What needs to be done: In the material below, transcribe every line from the first through the line holding "From mathcomp Require Import boolp", exactly, and stop after that line.
━━━━━━━━━━━━━━━━
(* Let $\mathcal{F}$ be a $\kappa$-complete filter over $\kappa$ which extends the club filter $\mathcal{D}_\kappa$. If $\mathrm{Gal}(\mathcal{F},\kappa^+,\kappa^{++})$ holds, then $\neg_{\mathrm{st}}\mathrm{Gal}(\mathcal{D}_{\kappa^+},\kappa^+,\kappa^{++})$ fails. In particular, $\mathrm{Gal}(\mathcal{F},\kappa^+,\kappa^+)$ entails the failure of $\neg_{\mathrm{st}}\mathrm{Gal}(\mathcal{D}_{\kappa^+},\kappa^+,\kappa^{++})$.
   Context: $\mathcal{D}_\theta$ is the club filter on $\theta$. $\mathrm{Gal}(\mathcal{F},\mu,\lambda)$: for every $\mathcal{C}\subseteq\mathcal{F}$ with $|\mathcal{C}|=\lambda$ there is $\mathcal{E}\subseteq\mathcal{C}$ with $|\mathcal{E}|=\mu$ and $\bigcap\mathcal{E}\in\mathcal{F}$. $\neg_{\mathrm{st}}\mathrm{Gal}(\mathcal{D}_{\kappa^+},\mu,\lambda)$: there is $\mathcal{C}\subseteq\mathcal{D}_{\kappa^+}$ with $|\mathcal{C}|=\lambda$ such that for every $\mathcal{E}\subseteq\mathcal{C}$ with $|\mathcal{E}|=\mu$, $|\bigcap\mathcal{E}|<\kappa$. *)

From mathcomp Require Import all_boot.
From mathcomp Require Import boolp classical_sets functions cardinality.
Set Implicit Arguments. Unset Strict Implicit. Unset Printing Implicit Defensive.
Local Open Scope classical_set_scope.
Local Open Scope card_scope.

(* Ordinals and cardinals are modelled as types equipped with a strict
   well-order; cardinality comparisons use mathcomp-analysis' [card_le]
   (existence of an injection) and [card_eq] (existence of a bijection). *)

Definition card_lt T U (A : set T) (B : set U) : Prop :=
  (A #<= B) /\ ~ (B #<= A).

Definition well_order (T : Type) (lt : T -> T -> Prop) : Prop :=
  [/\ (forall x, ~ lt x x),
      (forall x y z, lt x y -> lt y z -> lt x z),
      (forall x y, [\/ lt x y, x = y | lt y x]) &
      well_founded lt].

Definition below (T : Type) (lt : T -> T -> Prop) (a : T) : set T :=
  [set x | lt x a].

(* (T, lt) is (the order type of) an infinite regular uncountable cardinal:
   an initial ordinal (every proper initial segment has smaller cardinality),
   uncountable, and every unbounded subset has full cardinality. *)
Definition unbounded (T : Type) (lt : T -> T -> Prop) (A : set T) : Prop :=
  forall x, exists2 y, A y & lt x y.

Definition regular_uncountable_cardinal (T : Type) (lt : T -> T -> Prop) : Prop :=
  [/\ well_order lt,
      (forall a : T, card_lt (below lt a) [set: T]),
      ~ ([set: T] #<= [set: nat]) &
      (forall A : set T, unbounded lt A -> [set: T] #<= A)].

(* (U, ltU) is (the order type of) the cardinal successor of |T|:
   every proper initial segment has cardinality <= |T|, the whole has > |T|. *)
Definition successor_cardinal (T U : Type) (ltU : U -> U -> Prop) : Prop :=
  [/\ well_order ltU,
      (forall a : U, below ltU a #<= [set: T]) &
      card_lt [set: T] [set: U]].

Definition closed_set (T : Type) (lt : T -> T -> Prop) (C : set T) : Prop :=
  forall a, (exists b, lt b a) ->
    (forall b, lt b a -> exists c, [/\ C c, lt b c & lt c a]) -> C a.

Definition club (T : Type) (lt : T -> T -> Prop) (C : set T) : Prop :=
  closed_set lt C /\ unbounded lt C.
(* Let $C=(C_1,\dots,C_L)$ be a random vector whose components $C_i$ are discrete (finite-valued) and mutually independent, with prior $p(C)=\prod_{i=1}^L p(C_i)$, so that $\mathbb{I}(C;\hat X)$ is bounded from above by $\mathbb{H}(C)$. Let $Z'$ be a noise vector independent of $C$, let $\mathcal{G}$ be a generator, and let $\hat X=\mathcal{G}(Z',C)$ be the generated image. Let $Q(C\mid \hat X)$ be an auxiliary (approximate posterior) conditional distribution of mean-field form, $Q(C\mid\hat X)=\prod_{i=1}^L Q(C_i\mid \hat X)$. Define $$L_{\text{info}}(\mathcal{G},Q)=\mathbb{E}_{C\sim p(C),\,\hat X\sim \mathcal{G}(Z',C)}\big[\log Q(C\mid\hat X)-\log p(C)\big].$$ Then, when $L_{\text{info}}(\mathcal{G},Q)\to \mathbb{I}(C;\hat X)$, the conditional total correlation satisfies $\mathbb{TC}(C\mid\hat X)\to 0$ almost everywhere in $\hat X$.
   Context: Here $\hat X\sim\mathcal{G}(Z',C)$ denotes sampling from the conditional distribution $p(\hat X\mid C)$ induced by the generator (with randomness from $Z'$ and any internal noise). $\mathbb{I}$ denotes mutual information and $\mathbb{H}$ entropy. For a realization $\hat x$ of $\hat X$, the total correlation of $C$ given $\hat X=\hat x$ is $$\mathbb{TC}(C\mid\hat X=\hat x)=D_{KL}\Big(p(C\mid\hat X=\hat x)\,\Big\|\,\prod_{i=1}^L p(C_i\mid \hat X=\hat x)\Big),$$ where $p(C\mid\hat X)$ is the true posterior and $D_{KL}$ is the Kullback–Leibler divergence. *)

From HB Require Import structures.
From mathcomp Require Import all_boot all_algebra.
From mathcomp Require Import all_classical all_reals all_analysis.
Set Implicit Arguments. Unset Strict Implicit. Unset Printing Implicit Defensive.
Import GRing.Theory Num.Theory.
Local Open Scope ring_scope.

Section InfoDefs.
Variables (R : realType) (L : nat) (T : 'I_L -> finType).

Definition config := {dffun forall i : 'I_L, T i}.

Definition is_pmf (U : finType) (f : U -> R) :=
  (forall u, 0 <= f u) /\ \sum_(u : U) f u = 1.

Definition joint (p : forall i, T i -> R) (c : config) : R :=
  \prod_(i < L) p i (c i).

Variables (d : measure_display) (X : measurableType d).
━━━━━━━━━━━━━━━━
Written response:
(* Let $\mathcal{F}$ be a $\kappa$-complete filter over $\kappa$ which extends the club filter $\mathcal{D}_\kappa$. If $\mathrm{Gal}(\mathcal{F},\kappa^+,\kappa^{++})$ holds, then $\neg_{\mathrm{st}}\mathrm{Gal}(\mathcal{D}_{\kappa^+},\kappa^+,\kappa^{++})$ fails. In particular, $\mathrm{Gal}(\mathcal{F},\kappa^+,\kappa^+)$ entails the failure of $\neg_{\mathrm{st}}\mathrm{Gal}(\mathcal{D}_{\kappa^+},\kappa^+,\kappa^{++})$.
   Context: $\mathcal{D}_\theta$ is the club filter on $\theta$. $\mathrm{Gal}(\mathcal{F},\mu,\lambda)$: for every $\mathcal{C}\subseteq\mathcal{F}$ with $|\mathcal{C}|=\lambda$ there is $\mathcal{E}\subseteq\mathcal{C}$ with $|\mathcal{E}|=\mu$ and $\bigcap\mathcal{E}\in\mathcal{F}$. $\neg_{\mathrm{st}}\mathrm{Gal}(\mathcal{D}_{\kappa^+},\mu,\lambda)$: there is $\mathcal{C}\subseteq\mathcal{D}_{\kappa^+}$ with $|\mathcal{C}|=\lambda$ such that for every $\mathcal{E}\subseteq\mathcal{C}$ with $|\mathcal{E}|=\mu$, $|\bigcap\mathcal{E}|<\kappa$. *)

From mathcomp Require Import all_boot.
From mathcomp Require Import boolp classical_sets functions cardinality.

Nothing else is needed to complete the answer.